→ Your task
Tally every line below where "Prop" appears, then report the total alone.
━━━━━━━━
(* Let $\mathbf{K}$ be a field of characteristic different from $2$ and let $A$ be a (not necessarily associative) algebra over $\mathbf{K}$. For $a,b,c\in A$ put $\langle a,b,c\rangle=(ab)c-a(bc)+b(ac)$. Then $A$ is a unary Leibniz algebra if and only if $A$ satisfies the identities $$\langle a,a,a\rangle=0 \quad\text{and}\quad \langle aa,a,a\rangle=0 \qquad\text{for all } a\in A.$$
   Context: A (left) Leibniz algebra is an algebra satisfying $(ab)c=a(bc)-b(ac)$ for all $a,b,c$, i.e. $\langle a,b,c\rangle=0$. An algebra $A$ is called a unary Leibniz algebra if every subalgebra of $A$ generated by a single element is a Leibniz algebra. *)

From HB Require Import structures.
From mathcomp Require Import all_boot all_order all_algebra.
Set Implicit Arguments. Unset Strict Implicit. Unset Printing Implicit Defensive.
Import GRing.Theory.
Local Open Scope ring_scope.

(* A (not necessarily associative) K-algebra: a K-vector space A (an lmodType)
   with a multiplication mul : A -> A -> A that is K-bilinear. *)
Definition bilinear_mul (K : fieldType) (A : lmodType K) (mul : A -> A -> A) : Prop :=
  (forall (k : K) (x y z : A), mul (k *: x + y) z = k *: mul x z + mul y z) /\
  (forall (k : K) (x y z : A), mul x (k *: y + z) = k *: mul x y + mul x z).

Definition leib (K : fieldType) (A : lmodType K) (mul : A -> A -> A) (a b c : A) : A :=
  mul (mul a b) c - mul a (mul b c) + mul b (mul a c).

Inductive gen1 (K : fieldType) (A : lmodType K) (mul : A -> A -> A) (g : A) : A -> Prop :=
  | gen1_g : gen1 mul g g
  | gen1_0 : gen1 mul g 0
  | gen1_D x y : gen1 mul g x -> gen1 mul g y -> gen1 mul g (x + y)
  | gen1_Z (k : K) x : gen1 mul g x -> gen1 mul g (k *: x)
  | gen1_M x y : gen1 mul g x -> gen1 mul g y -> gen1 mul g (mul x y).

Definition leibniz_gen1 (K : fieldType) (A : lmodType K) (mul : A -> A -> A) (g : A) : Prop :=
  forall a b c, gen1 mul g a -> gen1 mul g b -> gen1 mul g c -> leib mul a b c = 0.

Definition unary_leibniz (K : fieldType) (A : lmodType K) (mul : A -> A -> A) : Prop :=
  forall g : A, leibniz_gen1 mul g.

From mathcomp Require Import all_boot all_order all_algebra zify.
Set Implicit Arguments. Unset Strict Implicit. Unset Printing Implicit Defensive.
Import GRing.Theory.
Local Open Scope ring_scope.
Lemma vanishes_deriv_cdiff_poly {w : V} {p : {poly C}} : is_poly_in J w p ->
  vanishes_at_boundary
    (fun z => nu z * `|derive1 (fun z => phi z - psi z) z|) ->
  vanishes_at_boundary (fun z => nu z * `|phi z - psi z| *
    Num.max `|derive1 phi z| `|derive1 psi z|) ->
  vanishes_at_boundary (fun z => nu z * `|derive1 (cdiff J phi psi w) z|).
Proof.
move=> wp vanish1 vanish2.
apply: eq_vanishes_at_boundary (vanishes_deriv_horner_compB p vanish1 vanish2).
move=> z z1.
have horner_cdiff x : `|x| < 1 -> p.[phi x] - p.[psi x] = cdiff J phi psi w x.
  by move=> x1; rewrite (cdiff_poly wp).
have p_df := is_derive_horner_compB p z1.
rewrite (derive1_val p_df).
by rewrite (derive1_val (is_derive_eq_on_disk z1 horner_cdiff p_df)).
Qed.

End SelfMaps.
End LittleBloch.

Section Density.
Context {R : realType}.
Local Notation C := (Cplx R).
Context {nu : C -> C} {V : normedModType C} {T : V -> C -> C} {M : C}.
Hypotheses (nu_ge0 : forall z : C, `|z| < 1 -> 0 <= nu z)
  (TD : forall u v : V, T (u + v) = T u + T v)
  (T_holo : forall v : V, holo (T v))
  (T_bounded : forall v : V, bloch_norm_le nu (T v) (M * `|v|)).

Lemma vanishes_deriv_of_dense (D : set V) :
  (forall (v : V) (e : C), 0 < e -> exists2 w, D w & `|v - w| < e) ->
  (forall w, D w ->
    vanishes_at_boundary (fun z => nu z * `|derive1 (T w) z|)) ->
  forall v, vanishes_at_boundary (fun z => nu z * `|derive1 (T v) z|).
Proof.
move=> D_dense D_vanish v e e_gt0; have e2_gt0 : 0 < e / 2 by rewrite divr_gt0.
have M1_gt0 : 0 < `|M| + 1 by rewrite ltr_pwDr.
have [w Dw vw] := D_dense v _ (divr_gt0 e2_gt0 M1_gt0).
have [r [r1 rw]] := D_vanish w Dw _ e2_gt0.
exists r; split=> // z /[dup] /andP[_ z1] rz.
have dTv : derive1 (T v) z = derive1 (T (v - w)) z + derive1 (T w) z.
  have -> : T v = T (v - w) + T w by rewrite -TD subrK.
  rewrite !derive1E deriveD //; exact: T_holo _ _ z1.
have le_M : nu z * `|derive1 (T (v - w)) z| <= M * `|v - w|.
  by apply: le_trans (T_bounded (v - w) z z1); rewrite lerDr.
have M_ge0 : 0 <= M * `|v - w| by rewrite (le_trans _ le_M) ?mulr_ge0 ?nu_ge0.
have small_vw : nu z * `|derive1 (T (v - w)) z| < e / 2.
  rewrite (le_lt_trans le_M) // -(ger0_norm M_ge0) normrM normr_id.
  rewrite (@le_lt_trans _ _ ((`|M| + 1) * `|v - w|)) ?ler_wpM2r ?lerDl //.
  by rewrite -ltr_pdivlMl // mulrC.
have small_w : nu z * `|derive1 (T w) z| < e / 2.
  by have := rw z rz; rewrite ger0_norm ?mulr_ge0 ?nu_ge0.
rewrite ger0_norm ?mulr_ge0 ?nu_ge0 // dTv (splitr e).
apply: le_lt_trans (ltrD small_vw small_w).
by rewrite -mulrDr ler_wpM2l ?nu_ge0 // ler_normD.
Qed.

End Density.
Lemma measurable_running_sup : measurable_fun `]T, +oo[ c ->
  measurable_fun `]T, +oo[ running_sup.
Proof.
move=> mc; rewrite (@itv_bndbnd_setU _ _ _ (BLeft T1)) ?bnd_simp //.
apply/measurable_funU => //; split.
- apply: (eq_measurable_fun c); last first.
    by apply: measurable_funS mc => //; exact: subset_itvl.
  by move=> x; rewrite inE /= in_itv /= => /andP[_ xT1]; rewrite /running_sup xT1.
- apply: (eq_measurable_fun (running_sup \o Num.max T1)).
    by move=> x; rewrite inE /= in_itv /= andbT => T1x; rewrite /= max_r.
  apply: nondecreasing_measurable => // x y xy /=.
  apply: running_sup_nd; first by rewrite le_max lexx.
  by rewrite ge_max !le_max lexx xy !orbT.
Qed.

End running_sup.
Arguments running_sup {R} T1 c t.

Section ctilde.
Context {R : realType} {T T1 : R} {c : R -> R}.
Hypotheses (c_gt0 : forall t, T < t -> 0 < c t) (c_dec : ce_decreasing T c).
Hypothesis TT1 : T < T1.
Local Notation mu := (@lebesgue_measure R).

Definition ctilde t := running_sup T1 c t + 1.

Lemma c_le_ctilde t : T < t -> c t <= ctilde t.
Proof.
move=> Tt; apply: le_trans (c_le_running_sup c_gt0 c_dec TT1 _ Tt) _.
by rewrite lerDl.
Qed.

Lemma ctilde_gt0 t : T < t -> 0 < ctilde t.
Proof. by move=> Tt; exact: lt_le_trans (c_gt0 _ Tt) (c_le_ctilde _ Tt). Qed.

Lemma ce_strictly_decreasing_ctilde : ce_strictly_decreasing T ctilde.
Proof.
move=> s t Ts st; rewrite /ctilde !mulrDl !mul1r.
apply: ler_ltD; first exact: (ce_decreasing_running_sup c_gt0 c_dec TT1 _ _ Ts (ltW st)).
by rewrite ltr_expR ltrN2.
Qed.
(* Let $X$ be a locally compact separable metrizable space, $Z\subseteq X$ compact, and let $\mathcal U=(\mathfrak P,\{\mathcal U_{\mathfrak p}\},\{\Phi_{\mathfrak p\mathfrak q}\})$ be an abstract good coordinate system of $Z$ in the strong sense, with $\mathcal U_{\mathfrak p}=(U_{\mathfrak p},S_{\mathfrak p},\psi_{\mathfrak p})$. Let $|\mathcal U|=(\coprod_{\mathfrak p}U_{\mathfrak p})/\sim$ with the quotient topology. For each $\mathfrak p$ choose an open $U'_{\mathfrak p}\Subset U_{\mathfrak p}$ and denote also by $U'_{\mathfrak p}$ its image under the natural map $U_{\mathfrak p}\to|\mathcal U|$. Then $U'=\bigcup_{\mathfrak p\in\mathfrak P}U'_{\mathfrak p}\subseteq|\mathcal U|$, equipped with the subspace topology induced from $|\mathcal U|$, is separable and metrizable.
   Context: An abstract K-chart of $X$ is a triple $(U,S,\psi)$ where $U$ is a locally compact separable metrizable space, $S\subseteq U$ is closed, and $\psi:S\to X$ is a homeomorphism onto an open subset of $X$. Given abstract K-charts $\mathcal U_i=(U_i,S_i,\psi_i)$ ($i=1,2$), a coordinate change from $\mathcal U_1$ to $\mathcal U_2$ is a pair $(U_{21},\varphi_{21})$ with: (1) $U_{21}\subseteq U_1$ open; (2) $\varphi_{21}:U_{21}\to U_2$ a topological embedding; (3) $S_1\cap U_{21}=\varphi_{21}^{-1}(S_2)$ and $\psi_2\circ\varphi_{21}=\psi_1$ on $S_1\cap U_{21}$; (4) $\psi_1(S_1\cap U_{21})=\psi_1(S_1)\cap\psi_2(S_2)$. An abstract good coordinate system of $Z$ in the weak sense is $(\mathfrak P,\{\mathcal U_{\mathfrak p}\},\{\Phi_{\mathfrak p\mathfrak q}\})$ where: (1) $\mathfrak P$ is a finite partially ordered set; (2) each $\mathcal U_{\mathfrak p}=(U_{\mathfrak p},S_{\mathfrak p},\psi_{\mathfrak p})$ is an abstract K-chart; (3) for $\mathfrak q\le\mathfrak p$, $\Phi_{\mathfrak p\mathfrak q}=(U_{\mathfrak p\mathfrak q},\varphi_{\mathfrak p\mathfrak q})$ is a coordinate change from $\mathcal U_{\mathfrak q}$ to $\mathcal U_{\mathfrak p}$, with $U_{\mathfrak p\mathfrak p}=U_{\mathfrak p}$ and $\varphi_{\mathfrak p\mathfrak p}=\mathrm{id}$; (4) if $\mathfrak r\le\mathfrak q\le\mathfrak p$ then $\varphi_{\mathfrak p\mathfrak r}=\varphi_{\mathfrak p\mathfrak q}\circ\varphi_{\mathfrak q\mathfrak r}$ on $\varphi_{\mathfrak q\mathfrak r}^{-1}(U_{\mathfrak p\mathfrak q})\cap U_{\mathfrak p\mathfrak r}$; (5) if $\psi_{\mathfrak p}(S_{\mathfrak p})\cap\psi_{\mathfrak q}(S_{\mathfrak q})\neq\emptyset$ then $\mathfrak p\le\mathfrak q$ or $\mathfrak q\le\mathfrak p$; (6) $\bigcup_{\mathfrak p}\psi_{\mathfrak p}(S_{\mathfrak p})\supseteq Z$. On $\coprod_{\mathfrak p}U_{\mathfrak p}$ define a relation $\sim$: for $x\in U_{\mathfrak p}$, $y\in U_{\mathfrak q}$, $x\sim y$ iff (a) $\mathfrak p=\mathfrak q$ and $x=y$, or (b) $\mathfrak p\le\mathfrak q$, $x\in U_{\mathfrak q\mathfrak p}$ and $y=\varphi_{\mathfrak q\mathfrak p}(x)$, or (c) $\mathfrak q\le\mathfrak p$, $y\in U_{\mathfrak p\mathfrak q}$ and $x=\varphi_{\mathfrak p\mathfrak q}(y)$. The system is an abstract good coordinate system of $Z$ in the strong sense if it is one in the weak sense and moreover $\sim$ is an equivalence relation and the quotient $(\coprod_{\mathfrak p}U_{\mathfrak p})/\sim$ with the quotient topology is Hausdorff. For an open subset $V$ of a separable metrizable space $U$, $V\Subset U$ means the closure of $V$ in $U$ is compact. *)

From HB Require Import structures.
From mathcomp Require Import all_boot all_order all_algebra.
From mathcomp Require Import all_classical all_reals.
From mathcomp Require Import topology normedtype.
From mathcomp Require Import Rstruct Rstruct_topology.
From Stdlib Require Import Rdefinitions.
━━━━━━━━
→ Response below
4